--- START ---

(* Removing the different vertices of a facet f of a nonzero cycle yields
   different faces, each of which lies on a second facet; these d+1 facets
   are pairwise distinct, as two of them would contain all of f. *)
Lemma card_Supp_cycle d c : is_dchain d c -> boundary c = 0 -> c != 0 ->
  (d.+2 <= #|Supp c|)%N.
Proof.
move=> dc bc c_neq0.
have [f cf] : exists f, c f != 0.
  apply/existsP; apply: contraNT c_neq0 => /existsPn c0.
  by apply/eqP/ffunP => f; rewrite ffunE; apply/eqP/negbNE/c0.
pose cof v := odflt f [pick g | [&& c g != 0, g != f & f :\ v \subset g]].
have cofP v : v \in f -> [&& c (cof v) != 0, cof v != f & f :\ v \subset cof v].
  move=> /(cycle_cofacet bc cf) [g Pg]; rewrite /cof.
  by case: pickP => [//|none]; move: (none g); rewrite Pg.
have cof_inj : {in f &, injective cof}.
  move=> u v uf vf eq_cof; apply/eqP; apply: contraTT (cofP u uf) => neq_uv.
  have /and3P[_ _ sub_v] := cofP v vf; rewrite -eq_cof in sub_v.
  apply/and3P => -[cu nfu sub_u]; move: nfu; rewrite eq_sym eqEcard.
  have -> : f \subset cof u.
    apply/subsetP => x xf; have [->|xu] := eqVneq x u.
      by apply: (subsetP sub_v); rewrite !inE neq_uv uf.
    by apply: (subsetP sub_u); rewrite !inE xu xf.
  by rewrite (dc _ cu) (dc _ cf) leqnn.
have : (#|cof @: f| <= #|Supp c :\ f|)%N.
  apply/subset_leq_card/subsetP => g /imsetP[v vf ->].
  by have /and3P[cg gf _] := cofP v vf; rewrite !inE gf cg.
by rewrite card_in_imset // (dc _ cf) (cardsD1 f (Supp c)) inE cf add1n.
Qed.

Lemma restrE A c sigma : restr A c sigma = if sigma \in A then c sigma else 0.
Proof. by rewrite ffunE. Qed.

Lemma dchain_restr d A c : is_dchain d c -> is_dchain d (restr A c).
Proof.
by move=> dc sigma; rewrite restrE; case: ifP => _; [apply: dc | rewrite eqxx].
Qed.

Lemma Supp_restr A c : Supp (restr A c) = A :&: Supp c.
Proof. by apply/setP => sigma; rewrite !inE restrE; case: ifP; rewrite ?eqxx. Qed.

Lemma boundary_restrC A c tau :
  boundary (restr A c) tau + boundary (restr (~: A) c) tau = boundary c tau.
Proof.
rewrite !ffunE -big_split; apply: eq_bigr => sigma _.
by rewrite !restrE inE; case: (sigma \in A); rewrite /= mul0r ?addr0 ?add0r.
Qed.

End Boundary.

Section Components.
Variables (n d : nat) (V : {set {set 'I_n}}).
Implicit Types (sigma tau : {set 'I_n}) (C : {set {set 'I_n}}).

Lemma facet_adj_sym : symmetric (@facet_adj n d).
Proof.
move=> sigma tau; rewrite /facet_adj eq_sym; congr (_ && _).
by apply/existsP/existsP => -[f /and3P[? ? ?]]; exists f; apply/and3P.
Qed.

Lemma connect_induced_adj_sym : connect_sym (induced_adj d V).
Proof.
apply: sym_connect_sym => sigma tau.
by rewrite /induced_adj facet_adj_sym andbCA.
Qed.

Lemma componentsP C : C \in components d V ->
  exists2 rho, rho \in V & C = [set tau in V | connect (induced_adj d V) rho tau].
Proof. by case/imsetP => rho rV ->; exists rho. Qed.

Lemma components_sub C : C \in components d V -> C \subset V.
Proof.
by case/componentsP => rho _ ->; apply/subsetP => tau; rewrite inE => /andP[].
Qed.

Lemma components_neq0 C : C \in components d V -> C != set0.
Proof.
by case/componentsP => rho rV ->; apply/set0Pn; exists rho; rewrite inE rV connect0.
Qed.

--- END ---

_THE PROBLEM:_ Set down the lines from the one with "by case/componentsP => rho rV" through the end of the data above. Keep each exactly as written and add no other line.

_ANSWER AREA:_
by case/componentsP => rho rV ->; apply/set0Pn; exists rho; rewrite inE rV connect0.
Qed.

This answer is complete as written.